● **Exercise objective**: Note the line where "same thread iff" appears in the data below; write it out exactly, along with every line that comes after it to the end.

[Data for this exercise — start]

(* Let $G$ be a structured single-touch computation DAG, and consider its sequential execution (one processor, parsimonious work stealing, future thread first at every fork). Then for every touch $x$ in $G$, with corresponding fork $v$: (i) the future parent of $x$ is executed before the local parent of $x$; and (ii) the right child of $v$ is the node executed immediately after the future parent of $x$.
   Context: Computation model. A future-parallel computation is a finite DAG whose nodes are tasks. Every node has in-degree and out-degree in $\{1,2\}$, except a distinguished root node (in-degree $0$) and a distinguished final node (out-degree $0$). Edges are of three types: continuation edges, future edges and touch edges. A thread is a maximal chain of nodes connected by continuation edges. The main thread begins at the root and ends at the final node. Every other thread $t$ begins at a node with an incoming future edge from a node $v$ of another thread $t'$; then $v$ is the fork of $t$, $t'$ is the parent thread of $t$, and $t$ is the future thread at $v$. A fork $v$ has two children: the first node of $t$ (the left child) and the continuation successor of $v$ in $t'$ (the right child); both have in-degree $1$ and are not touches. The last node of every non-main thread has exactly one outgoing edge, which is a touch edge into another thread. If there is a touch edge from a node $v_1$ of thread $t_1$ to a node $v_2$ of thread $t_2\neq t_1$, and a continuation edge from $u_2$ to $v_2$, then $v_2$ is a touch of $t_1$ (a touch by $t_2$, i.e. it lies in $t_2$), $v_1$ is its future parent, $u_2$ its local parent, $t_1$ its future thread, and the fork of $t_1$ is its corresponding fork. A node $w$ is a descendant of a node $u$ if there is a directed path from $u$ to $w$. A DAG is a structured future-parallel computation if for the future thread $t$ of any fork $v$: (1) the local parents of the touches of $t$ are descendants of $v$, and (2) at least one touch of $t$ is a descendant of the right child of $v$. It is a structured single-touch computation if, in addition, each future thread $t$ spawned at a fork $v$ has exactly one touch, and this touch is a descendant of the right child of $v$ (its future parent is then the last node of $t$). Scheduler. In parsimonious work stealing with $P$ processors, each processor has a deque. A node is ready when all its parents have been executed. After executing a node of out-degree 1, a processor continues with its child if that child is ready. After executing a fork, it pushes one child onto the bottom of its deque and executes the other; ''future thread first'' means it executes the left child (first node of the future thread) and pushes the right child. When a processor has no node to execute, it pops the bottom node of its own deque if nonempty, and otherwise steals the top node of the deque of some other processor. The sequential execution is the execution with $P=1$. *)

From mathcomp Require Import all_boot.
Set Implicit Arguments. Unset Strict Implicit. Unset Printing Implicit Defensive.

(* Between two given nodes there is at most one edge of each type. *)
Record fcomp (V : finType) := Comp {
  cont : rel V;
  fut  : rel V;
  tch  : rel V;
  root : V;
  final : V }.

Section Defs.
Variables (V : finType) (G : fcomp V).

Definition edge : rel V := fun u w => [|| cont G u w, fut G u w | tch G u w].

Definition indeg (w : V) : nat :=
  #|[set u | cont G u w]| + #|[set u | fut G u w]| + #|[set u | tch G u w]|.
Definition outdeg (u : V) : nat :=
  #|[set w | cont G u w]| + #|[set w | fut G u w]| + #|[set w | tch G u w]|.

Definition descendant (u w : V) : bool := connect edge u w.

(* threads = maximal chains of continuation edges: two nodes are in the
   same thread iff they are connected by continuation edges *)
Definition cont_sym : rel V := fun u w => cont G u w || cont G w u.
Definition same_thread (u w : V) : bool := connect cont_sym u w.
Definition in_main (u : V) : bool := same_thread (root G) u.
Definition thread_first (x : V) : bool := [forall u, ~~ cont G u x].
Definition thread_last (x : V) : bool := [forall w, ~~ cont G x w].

[Data for this exercise — finish]

● **Reply**:
   same thread iff they are connected by continuation edges *)
Definition cont_sym : rel V := fun u w => cont G u w || cont G w u.
Definition same_thread (u w : V) : bool := connect cont_sym u w.
Definition in_main (u : V) : bool := same_thread (root G) u.
Definition thread_first (x : V) : bool := [forall u, ~~ cont G u x].
Definition thread_last (x : V) : bool := [forall w, ~~ cont G x w].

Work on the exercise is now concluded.